# The Optimizer

The **loss function** tells us how poorly our model is doing. The **optimizer** is the tool that helps us improve the model's performance by adjusting the weights and biases.

## Gradient Descent

Uses calculus to determine the gradients of the loss function. These gradients are the direction signs that indicate which way to adjust the weights and biases in order to decrease the loss function.

### Learning Rate

**Learning rate**: how far to move at each step
- Too low: slow convergence
- Too high: overshoot the minimum

Learning rate is a classic example of **hyperparameters**: values tuned and tweaked by ML engineers during training to improve performance of the model
**Hyperparameter tuning**: the process of adjusting hyperparameters in search of the best model performance


### PyTorch Optimizer
A popular optimizer in PyTorch, **Adam**, uses gradient descent with a few extra bells and whistles (like adjusting the learning rate dynamically during training)

- `model.parameters()` tells Adam what our current weights and biases are
- `lr=0.01` tells Adam to set the learning rate to 0.01

In [None]:
import torch.optim as optim

optimizer = optim.Adam(model.parameters(), lr=0.01)

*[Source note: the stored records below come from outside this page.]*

(* Let $G$ be a finite simple undirected graph with vertex set $V$, $|V|=n\ge 1$, in which every vertex has degree at least $2$. Then $$E_{loc}(G)\le \tfrac12\bigl(1+CC(G)\bigr),$$ with equality when $G$ is a complete graph.
   Context: For a graph $H$ and vertices $i,j$, $d_H(i,j)$ is the number of edges in a shortest $i$–$j$ path in $H$, with $d_H(i,j)=\infty$ if no such path exists, and the convention $1/\infty=0$. For a graph $H$ with $k\ge 2$ vertices, its global efficiency is $E_{glob}(H)=\frac{1}{k(k-1)}\sum_{i\neq j} \frac{1}{d_H(i,j)}$, the sum over ordered pairs of distinct vertices. For a vertex $i$ of $G$, $G_i$ is the subgraph of $G$ induced by the neighbors of $i$ (not including $i$). The local efficiency is $E_{loc}(G)=\frac1n\sum_{i\in V} E_{glob}(G_i)$ and the (Watts–Strogatz) clustering coefficient is $CC(G)=\frac1n\sum_{i\in V}\frac{|E(G_i)|}{\binom{|V(G_i)|}{2}}$. *)

From HB Require Import structures.
From mathcomp Require Import all_boot all_order all_algebra.
Set Implicit Arguments. Unset Strict Implicit. Unset Printing Implicit Defensive.
Import Order.TTheory GRing.Theory Num.Theory.

(* A finite simple graph: vertex type T : finType, adjacency e : rel T,
   symmetric and irreflexive. *)

Local Open Scope ring_scope.
Section GraphDefs.
Variables (T : finType) (e : rel T).

Definition nbhd (i : T) : {set T} := [set j | e i j].

Definition walk_in (S : {set T}) (u v : T) (k : nat) : bool :=
  (u \in S) &&
  [exists p : k.-tuple T,
     [&& path e u p, last u p == v & all (fun x => x \in S) p]].

(* 1 / d_H(u,v) for H the subgraph induced by S, with 1/oo = 0.
   A shortest u-v walk is a path, hence has at most #|T|-1 edges,
   so searching lengths 1..#|T| finds d_H(u,v) (for u <> v) if finite. *)
Definition inv_dist (R : realFieldType) (S : {set T}) (u v : T) : R :=
  let ks := iota 1 #|T| in
  if has (walk_in S u v) ks
  then ((nth 0%N ks (find (walk_in S u v) ks))%:R)^-1
  else 0.

Definition Eglob (R : realFieldType) (S : {set T}) : R :=
  ((#|S| * (#|S| - 1))%N%:R)^-1 *
  \sum_(u in S) \sum_(v in S | v != u) inv_dist R S u v.

Definition nedges (S : {set T}) : nat :=
  #|[set p : T * T | [&& p.1 \in S, p.2 \in S & e p.1 p.2]]|./2.

Definition Eloc (R : realFieldType) : R :=
  (#|T|%:R)^-1 * \sum_(i : T) Eglob R (nbhd i).

Definition CC (R : realFieldType) : R :=
  (#|T|%:R)^-1 *
  \sum_(i : T) ((nedges (nbhd i))%:R / ('C(#|nbhd i|, 2))%:R).

End GraphDefs.

(* Proof idea: in the neighbourhood graph G_i, two distinct vertices are at
   distance 1 if adjacent and at distance at least 2 otherwise, so each term
   1/d of E_glob(G_i) is at most (1 + [adjacent])/2.  Averaging over the
   k(k-1) ordered pairs gives E_glob(G_i) <= (1 + 2|E(G_i)|/(k(k-1)))/2,
   which is (1 + local clustering of i)/2; averaging over i gives the claim.
   In a complete graph every bound is attained. *)
From HB Require Import structures.
From mathcomp Require Import all_boot all_order all_algebra.
From mathcomp Require Import ring.
Set Implicit Arguments. Unset Strict Implicit. Unset Printing Implicit Defensive.
Import Order.TTheory GRing.Theory Num.Theory.
Local Open Scope ring_scope.

Lemma bin2_mul2 (n : nat) : ('C(n, 2) * 2 = n * n.-1)%N.
Proof. by rewrite mulnC -mul_bin_diag bin1. Qed.

(* Split each off-diagonal term as H i j + H j i along the order of enum_rank. *)
Lemma double_sum_sym_even (I : finType) (F : I -> I -> nat) :
  (forall i j, F i j = F j i) -> (forall i, F i i = 0%N) ->
  ~~ odd (\sum_i \sum_j F i j).
Proof.
move=> F_sym F_diag.
pose H i j := if (enum_rank i < enum_rank j)%N then F i j else 0%N.
have -> : (\sum_i \sum_j F i j = \sum_i \sum_j (H i j + H j i))%N.
  apply: eq_bigr => i _; apply: eq_bigr => j _; rewrite /H.
  case: ltngtP => [_|_|/val_inj/enum_rank_inj ->].
  - by rewrite addn0.
  - by rewrite F_sym.
  - by rewrite F_diag.
rewrite (eq_bigr (fun i => \sum_j H i j + \sum_j H j i)%N) => [|i _].
  by rewrite big_split /= [X in (_ + X)%N]exchange_big addnn odd_double.
by rewrite big_split.
Qed.

Section NeighbourhoodBounds.
Variables (T : finType) (e : rel T).
Hypotheses (e_sym : symmetric e) (e_irr : irreflexive e).

Definition adj_pairs (S : {set T}) : {set T * T} :=
  [set p | [&& p.1 \in S, p.2 \in S & e p.1 p.2]].

Definition edge_density (R : realFieldType) (S : {set T}) : R :=
  (nedges e S)%:R / ('C(#|S|, 2))%:R.

Lemma walk_in1 (S : {set T}) u v :
  walk_in e S u v 1 = [&& u \in S, v \in S & e u v].
Proof.
apply/idP/idP.
  case/andP=> uS /existsP[[[|x [|y s]] sz]] //= /and3P[].
  by rewrite andbT => exv /eqP <- /andP[-> _]; rewrite uS.
case/and3P=> uS vS euv; rewrite /walk_in uS; apply/existsP.
by exists [tuple v]; rewrite /= euv eqxx vS.
Qed.

Lemma inv_dist_adj (R : realFieldType) (S : {set T}) u v :
  u \in S -> v \in S -> e u v -> inv_dist e R S u v = 1.
Proof.
move=> uS vS euv; rewrite /inv_dist.
have : (0 < #|T|)%N by apply/card_gt0P; exists u.
by case: #|T| => [|n] // _; rewrite /= walk_in1 uS vS euv invr1.
Qed.

Lemma inv_dist_nadj (R : realFieldType) (S : {set T}) u v :
  ~~ e u v -> inv_dist e R S u v <= 2%:R^-1.
Proof.
move=> nuv; rewrite /inv_dist; case: ifP => [has_walk|_]; last first.
  by rewrite invr_ge0 ler0n.
have := nth_find 0%N has_walk; move: has_walk; rewrite has_find size_iota.
move=> lt_find; rewrite nth_iota //; case: find lt_find => [|k] _.
  by rewrite walk_in1 (negbTE nuv) !andbF.
by move=> _; rewrite lef_pV2 ?posrE ?ltr0n // ler_nat ltnS lt0n.
Qed.

Lemma inv_dist_le_half (R : realFieldType) (S : {set T}) u v :
  u \in S -> v \in S -> inv_dist e R S u v <= (1 + (e u v)%:R) / 2%:R.
Proof.
move=> uS vS; case: (boolP (e u v)) => [euv|nuv].
  by rewrite inv_dist_adj // -[1 + _]/(2%:R) divff ?pnatr_eq0.
by rewrite /= addr0 mul1r inv_dist_nadj.
Qed.

Lemma card_adj_pairs_double_sum (S : {set T}) :
  #|adj_pairs S| = (\sum_u \sum_v [&& u \in S, v \in S & e u v])%N.
Proof.
rewrite pair_bigA -sum1_card big_mkcond /=.
by apply: eq_bigr => p _; rewrite inE; case: (_ && _).
Qed.

Lemma card_adj_pairs (S : {set T}) :
  #|adj_pairs S| = (\sum_(u in S) \sum_(v in S | v != u) e u v)%N.
Proof.
rewrite card_adj_pairs_double_sum [RHS]big_mkcond; apply: eq_bigr => u _.
case: (boolP (u \in S)) => [uS|_]; last by rewrite big1.
rewrite [RHS]big_mkcond; apply: eq_bigr => v _.
by case: (v \in S); case: eqVneq => [->|]; rewrite ?e_irr.
Qed.

Lemma nedges_double (S : {set T}) : (nedges e S * 2)%N = #|adj_pairs S|.
Proof.
have even_pairs : ~~ odd #|adj_pairs S|.
  rewrite card_adj_pairs_double_sum; apply: double_sum_sym_even => [u v|u].
    by rewrite e_sym; case: (u \in S); case: (v \in S).
  by rewrite e_irr !andbF.
by rewrite muln2 -[RHS]odd_double_half (negbTE even_pairs).
Qed.

Lemma edge_density_pairs (R : realFieldType) (S : {set T}) :
  edge_density R S = #|adj_pairs S|%:R / (#|S| * #|S|.-1)%:R.
Proof.
rewrite /edge_density -nedges_double -bin2_mul2 !natrM invfM mulrACA.
by rewrite divff ?mulr1 ?pnatr_eq0.
Qed.

Lemma sum_half_incr (R : realFieldType) (S : {set T}) :
  \sum_(u in S) \sum_(v in S | v != u) (1 + (e u v)%:R) / 2%:R
  = (#|S| * #|S|.-1 + #|adj_pairs S|)%:R / 2%:R :> R.
Proof.
under eq_bigr do rewrite -mulr_suml.
rewrite -mulr_suml; congr (_ / _).
rewrite natrD card_adj_pairs -sum_nat_const !natr_sum -big_split /=.
apply: eq_bigr => u uS; rewrite natr_sum big_split /= sumr_const.
congr (_%:R + _); rewrite (cardsD1 u S) uS /=.
by apply: eq_card => v; rewrite !inE andbC.
Qed.

Lemma mean_half_incr (R : realFieldType) (S : {set T}) : (2 <= #|S|)%N ->
  ((#|S| * (#|S| - 1))%N%:R)^-1 *
    \sum_(u in S) \sum_(v in S | v != u) (1 + (e u v)%:R) / 2%:R
  = (1 + edge_density R S) / 2%:R.
Proof.
move=> S_ge2; rewrite sum_half_incr edge_density_pairs subn1.
rewrite natrD; field.
by rewrite !pnatr_eq0 -!lt0n -subn1 subn_gt0 S_ge2 ltnW.
Qed.

Lemma Eglob_le_half_incr (R : realFieldType) (S : {set T}) : (2 <= #|S|)%N ->
  Eglob e R S <= (1 + edge_density R S) / 2%:R.
Proof.
move=> S_ge2; rewrite /Eglob -mean_half_incr //.
rewrite ler_wpM2l ?invr_ge0 ?ler0n //.
by apply: ler_sum => u uS; apply: ler_sum => v /andP[vS _]; apply: inv_dist_le_half.
Qed.

Lemma Eglob_complete (R : realFieldType) (S : {set T}) :
  (forall u v, u != v -> e u v) -> (2 <= #|S|)%N ->
  Eglob e R S = (1 + edge_density R S) / 2%:R.
Proof.
move=> e_complete S_ge2; rewrite /Eglob -mean_half_incr //; congr (_ * _).
apply: eq_bigr => u uS; apply: eq_bigr => v /andP[vS vu].
have euv : e u v by rewrite e_complete // eq_sym.
by rewrite inv_dist_adj // euv -[1 + _]/(2%:R) divff ?pnatr_eq0.
Qed.

End NeighbourhoodBounds.

Theorem theorem3 (R : realFieldType) (T : finType) (e : rel T)
    (e_sym : symmetric e) (e_irr : irreflexive e)
    (hn : (0 < #|T|)%N)
    (hdeg : forall i : T, (2 <= #|nbhd e i|)%N) :
  Eloc e R <= (1 + CC e R) / 2%:R /\
  ((forall u v : T, u != v -> e u v) -> Eloc e R = (1 + CC e R) / 2%:R).
Proof.
have mean_bound : (#|T|%:R)^-1 * \sum_i (1 + edge_density e R (nbhd e i)) / 2%:R
                  = (1 + CC e R) / 2%:R.
  rewrite -mulr_suml big_split /= sumr_const.
  by rewrite /CC; field; rewrite pnatr_eq0 -lt0n.
rewrite /Eloc -mean_bound; split => [|e_complete].
  rewrite ler_wpM2l ?invr_ge0 ?ler0n //.
  by apply: ler_sum => i _; apply: Eglob_le_half_incr.
by congr (_ * _); apply: eq_bigr => i _; apply: Eglob_complete.
Qed.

To apply Adam to a neural network, we need to perform the:

1. **backwards pass**: calculate the gradients of the loss function (these determine the “downward” direction)
2. **step**: use the gradients to update the weights and biases

**Note**: `backward` is applied to the computed loss, not the loss function. This is why the output of the loss function includes the parameter `grad_fn=<MseLossBackward0>`. This parameter is the function used to perform the backwards pass.


In [None]:
# compute the loss 
MSE = loss(predictions,y)
# backward pass to determine "downward" direction
MSE.backward()
# apply the optimizer to update weights and biases
optimizer.step()

### Example

In [None]:
import numpy as np
import pandas as pd

import torch
import torch.nn as nn
import torch.optim as optim 

# create neural network
model = nn.Sequential(
    nn.Linear(3,16),
    nn.ReLU(),
    nn.Linear(16,8),
    nn.ReLU(),
    nn.Linear(8,4),
    nn.ReLU(),
    nn.Linear(4,1)
)

# import the data
apartments_df = pd.read_csv("streeteasy.csv")
numerical_features = ['bedrooms', 'bathrooms', 'size_sqft']
X = torch.tensor(apartments_df[numerical_features].values, dtype=torch.float)
y = torch.tensor(apartments_df['rent'].values,dtype=torch.float)

# forward pass
predictions = model(X)

# define the loss function and compute loss
loss = nn.MSELoss()
MSE = loss(predictions,y)
print('Initial loss is ' + str(MSE))

# create optimizer
optimizer = optim.Adam(model.parameters(), lr=0.001)

# use the loss to perform the backwards pass
MSE.backward()

# use optimizer to update the weights and biases
optimizer.step()

# feed the data through the updated model and compute the new loss
predictions = model(X)
MSE = loss(predictions,y)
print('After optimization, loss is ' + str(MSE))